## Problem requirements
Below are entries; output exactly the lines from the one with "rewrite mulnS addnC big_split_ord /= IH." to the one with "have h_inj : injective h.", both included, and nothing else.
(Records Opens)
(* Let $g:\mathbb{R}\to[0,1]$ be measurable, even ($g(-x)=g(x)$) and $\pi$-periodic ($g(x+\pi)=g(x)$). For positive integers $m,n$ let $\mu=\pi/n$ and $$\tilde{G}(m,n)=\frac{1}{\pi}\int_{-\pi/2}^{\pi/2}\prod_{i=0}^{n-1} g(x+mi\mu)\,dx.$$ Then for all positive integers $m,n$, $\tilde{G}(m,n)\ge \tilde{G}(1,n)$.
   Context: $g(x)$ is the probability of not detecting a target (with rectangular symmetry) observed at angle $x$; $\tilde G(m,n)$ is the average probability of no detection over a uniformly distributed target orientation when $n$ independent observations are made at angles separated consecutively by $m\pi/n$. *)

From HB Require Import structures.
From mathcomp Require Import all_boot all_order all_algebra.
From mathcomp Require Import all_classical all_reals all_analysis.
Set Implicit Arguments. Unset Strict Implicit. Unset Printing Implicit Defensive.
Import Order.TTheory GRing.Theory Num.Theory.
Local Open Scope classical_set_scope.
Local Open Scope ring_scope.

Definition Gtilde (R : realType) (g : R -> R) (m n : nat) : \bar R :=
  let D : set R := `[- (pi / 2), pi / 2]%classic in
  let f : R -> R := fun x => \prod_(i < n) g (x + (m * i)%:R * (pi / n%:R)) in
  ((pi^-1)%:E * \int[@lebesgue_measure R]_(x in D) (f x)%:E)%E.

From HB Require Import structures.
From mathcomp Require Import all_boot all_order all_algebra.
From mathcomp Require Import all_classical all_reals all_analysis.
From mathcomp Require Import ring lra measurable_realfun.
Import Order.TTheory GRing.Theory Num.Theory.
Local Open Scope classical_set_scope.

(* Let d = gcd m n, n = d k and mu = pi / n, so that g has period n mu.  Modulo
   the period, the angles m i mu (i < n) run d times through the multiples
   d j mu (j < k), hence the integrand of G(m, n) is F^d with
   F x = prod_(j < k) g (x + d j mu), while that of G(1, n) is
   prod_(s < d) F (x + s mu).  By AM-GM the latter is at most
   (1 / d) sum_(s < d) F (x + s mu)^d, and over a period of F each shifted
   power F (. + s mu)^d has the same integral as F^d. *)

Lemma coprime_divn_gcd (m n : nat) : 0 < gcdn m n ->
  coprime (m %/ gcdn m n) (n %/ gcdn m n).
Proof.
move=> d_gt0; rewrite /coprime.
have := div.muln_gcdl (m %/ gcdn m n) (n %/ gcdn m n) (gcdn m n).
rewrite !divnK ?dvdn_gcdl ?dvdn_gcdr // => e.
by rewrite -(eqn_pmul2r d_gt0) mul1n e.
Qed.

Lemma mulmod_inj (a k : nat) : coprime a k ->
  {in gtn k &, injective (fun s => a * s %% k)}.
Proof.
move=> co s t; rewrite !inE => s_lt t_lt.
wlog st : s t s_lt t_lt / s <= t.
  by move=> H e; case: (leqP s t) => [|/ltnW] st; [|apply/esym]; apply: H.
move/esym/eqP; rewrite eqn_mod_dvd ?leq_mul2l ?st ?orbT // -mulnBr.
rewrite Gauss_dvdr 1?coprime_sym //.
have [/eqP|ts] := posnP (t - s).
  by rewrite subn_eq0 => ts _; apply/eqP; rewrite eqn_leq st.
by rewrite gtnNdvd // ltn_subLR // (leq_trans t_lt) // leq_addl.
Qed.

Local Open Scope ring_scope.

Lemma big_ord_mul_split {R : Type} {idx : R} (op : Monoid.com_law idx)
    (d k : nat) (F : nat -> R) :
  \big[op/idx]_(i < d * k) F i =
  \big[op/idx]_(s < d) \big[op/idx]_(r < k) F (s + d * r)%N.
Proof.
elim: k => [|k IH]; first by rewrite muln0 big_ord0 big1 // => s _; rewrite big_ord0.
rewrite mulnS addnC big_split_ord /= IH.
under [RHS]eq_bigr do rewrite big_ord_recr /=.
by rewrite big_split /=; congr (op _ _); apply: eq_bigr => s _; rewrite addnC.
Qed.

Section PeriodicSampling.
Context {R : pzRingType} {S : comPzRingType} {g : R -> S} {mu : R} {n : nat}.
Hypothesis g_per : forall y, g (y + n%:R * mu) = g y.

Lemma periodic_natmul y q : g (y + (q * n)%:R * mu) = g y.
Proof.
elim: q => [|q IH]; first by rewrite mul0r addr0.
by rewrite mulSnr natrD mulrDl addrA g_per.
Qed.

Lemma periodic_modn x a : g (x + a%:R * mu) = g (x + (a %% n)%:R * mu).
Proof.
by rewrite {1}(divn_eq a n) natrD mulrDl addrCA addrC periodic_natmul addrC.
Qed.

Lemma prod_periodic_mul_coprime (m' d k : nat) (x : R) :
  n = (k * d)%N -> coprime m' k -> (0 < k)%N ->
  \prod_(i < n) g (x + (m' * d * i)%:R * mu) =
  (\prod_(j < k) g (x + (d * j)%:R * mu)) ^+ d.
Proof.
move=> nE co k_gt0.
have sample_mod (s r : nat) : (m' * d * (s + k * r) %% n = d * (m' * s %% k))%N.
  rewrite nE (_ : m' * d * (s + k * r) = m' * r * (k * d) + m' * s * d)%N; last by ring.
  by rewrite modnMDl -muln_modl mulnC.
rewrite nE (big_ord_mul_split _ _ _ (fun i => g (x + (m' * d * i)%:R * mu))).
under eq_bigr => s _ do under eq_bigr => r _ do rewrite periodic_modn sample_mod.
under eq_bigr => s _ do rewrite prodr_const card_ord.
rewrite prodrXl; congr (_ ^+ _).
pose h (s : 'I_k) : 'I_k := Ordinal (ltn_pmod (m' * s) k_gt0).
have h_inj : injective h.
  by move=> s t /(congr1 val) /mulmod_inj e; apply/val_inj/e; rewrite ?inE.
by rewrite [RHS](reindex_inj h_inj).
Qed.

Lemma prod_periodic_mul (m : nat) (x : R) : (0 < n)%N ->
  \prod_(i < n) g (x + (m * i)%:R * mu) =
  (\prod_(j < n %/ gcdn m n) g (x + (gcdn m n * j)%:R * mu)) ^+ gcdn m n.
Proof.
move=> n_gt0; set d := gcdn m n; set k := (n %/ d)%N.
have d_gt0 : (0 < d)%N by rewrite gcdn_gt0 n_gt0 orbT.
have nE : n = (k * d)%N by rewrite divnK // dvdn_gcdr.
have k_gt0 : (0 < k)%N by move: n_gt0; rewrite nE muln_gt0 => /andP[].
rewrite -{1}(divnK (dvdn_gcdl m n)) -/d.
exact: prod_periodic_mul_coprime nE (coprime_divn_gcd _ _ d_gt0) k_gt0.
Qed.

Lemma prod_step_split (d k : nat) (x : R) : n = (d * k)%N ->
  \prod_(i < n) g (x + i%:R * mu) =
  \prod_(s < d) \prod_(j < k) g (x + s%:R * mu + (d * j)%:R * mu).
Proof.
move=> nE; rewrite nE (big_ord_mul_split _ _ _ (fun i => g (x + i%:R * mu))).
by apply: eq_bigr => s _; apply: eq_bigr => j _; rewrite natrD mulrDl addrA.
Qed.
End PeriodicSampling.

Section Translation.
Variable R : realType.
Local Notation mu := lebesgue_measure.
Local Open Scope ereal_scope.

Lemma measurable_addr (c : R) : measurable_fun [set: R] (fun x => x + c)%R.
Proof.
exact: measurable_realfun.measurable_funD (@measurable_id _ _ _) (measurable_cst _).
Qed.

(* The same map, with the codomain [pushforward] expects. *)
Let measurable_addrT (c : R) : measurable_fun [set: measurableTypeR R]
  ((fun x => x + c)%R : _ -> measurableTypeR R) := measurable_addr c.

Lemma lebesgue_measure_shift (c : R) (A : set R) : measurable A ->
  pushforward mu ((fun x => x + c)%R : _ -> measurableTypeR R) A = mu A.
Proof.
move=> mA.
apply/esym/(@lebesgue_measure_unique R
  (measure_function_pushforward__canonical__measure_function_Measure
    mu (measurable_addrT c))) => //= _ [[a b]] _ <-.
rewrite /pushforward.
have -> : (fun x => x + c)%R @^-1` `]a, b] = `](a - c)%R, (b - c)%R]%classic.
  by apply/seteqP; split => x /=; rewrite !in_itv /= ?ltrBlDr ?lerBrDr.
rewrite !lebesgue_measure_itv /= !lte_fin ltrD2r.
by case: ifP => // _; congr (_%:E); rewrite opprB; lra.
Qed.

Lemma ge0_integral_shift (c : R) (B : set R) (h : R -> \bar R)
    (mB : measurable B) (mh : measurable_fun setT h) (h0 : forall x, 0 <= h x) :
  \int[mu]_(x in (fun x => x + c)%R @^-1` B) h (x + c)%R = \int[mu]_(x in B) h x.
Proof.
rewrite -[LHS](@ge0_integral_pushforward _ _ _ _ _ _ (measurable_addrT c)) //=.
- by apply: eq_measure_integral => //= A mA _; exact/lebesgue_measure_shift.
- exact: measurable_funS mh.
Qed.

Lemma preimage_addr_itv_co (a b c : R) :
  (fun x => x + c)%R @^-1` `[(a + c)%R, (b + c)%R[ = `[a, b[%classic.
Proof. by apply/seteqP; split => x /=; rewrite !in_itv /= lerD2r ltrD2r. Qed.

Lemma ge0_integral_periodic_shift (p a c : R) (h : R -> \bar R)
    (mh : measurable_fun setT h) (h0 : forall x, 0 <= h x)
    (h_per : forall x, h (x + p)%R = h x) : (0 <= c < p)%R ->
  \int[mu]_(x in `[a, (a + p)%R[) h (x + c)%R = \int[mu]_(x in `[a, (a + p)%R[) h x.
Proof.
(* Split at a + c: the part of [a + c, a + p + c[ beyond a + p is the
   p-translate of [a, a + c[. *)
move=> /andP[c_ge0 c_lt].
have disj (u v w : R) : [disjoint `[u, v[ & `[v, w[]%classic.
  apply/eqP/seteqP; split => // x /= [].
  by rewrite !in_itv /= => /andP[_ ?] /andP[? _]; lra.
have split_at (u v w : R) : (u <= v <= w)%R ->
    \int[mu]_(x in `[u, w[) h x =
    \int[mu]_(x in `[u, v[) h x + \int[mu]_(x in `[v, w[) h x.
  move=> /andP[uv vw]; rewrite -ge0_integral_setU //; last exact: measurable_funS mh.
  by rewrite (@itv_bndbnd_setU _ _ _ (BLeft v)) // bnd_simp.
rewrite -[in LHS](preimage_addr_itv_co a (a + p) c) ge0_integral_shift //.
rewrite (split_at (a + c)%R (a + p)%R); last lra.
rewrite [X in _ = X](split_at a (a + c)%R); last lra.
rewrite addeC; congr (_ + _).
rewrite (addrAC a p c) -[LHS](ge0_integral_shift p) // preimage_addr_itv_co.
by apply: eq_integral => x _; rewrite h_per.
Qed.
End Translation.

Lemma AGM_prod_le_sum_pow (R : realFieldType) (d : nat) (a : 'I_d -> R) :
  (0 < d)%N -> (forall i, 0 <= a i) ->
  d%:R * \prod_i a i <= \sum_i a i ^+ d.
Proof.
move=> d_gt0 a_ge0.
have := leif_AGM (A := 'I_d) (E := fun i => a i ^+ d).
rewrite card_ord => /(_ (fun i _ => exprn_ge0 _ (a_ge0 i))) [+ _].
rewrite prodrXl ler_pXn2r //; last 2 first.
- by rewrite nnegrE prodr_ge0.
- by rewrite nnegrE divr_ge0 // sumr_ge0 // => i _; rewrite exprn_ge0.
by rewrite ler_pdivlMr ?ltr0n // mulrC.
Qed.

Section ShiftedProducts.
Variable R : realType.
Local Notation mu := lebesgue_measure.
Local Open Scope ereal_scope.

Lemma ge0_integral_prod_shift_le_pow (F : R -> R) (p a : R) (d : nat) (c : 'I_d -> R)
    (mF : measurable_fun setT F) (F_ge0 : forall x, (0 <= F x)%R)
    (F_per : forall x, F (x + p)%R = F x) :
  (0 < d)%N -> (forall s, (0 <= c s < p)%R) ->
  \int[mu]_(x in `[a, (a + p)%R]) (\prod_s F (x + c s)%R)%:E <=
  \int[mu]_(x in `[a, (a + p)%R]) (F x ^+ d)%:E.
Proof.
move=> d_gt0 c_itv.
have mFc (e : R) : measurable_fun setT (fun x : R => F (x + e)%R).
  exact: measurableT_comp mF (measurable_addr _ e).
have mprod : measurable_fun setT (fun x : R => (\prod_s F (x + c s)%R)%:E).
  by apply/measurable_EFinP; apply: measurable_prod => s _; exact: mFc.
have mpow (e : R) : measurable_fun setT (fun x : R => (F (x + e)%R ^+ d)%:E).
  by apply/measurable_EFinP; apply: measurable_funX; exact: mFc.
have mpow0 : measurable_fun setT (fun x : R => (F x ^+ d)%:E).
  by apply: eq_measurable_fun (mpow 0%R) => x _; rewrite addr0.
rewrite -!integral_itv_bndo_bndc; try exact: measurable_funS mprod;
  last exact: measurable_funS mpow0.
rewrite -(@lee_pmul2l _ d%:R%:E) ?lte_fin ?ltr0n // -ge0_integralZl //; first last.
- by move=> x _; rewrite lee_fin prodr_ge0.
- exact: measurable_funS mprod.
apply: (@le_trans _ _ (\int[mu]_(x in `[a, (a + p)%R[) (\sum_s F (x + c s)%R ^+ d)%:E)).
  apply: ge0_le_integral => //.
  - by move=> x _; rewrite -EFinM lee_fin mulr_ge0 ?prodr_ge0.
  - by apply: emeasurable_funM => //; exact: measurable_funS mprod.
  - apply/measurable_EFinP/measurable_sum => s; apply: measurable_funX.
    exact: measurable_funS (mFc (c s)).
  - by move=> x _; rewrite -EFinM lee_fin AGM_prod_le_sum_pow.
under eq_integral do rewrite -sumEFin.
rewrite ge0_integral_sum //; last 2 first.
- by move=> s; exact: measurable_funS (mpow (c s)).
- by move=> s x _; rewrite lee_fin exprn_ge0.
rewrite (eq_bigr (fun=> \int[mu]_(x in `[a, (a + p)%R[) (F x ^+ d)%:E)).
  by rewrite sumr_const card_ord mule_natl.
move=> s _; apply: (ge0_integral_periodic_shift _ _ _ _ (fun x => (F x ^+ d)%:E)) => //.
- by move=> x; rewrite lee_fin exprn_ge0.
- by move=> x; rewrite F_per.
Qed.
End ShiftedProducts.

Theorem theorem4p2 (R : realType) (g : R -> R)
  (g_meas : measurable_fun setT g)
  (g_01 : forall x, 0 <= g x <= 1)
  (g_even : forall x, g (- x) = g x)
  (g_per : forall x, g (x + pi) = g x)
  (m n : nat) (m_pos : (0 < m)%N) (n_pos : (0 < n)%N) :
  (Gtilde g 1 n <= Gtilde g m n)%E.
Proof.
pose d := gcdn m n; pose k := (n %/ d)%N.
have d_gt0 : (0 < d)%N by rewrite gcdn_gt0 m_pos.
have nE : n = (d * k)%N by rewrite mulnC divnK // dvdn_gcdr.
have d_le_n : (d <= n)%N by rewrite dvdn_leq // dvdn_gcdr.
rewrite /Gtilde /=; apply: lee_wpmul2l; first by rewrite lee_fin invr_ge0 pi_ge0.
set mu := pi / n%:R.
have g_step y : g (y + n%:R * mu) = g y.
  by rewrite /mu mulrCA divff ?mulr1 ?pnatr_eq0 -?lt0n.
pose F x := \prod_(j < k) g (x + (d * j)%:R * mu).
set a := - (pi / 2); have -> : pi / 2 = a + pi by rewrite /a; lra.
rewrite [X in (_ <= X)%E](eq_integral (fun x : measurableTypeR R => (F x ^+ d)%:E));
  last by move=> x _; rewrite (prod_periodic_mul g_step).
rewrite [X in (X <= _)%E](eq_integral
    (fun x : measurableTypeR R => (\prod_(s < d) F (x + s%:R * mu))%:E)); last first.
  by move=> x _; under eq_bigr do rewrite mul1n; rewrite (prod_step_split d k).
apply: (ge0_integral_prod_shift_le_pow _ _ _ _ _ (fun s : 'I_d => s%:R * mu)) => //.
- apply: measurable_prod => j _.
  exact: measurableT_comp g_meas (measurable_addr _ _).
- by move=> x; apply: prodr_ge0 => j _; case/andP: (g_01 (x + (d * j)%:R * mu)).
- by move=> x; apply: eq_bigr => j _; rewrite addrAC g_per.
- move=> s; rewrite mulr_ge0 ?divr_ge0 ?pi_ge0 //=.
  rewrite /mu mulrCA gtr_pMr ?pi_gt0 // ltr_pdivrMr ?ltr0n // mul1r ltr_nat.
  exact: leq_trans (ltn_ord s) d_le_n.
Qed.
(Records Closes)
## Written response
rewrite mulnS addnC big_split_ord /= IH.
under [RHS]eq_bigr do rewrite big_ord_recr /=.
by rewrite big_split /=; congr (op _ _); apply: eq_bigr => s _; rewrite addnC.
Qed.

Section PeriodicSampling.
Context {R : pzRingType} {S : comPzRingType} {g : R -> S} {mu : R} {n : nat}.
Hypothesis g_per : forall y, g (y + n%:R * mu) = g y.

Lemma periodic_natmul y q : g (y + (q * n)%:R * mu) = g y.
Proof.
elim: q => [|q IH]; first by rewrite mul0r addr0.
by rewrite mulSnr natrD mulrDl addrA g_per.
Qed.

Lemma periodic_modn x a : g (x + a%:R * mu) = g (x + (a %% n)%:R * mu).
Proof.
by rewrite {1}(divn_eq a n) natrD mulrDl addrCA addrC periodic_natmul addrC.
Qed.

Lemma prod_periodic_mul_coprime (m' d k : nat) (x : R) :
  n = (k * d)%N -> coprime m' k -> (0 < k)%N ->
  \prod_(i < n) g (x + (m' * d * i)%:R * mu) =
  (\prod_(j < k) g (x + (d * j)%:R * mu)) ^+ d.
Proof.
move=> nE co k_gt0.
have sample_mod (s r : nat) : (m' * d * (s + k * r) %% n = d * (m' * s %% k))%N.
  rewrite nE (_ : m' * d * (s + k * r) = m' * r * (k * d) + m' * s * d)%N; last by ring.
  by rewrite modnMDl -muln_modl mulnC.
rewrite nE (big_ord_mul_split _ _ _ (fun i => g (x + (m' * d * i)%:R * mu))).
under eq_bigr => s _ do under eq_bigr => r _ do rewrite periodic_modn sample_mod.
under eq_bigr => s _ do rewrite prodr_const card_ord.
rewrite prodrXl; congr (_ ^+ _).
pose h (s : 'I_k) : 'I_k := Ordinal (ltn_pmod (m' * s) k_gt0).
have h_inj : injective h.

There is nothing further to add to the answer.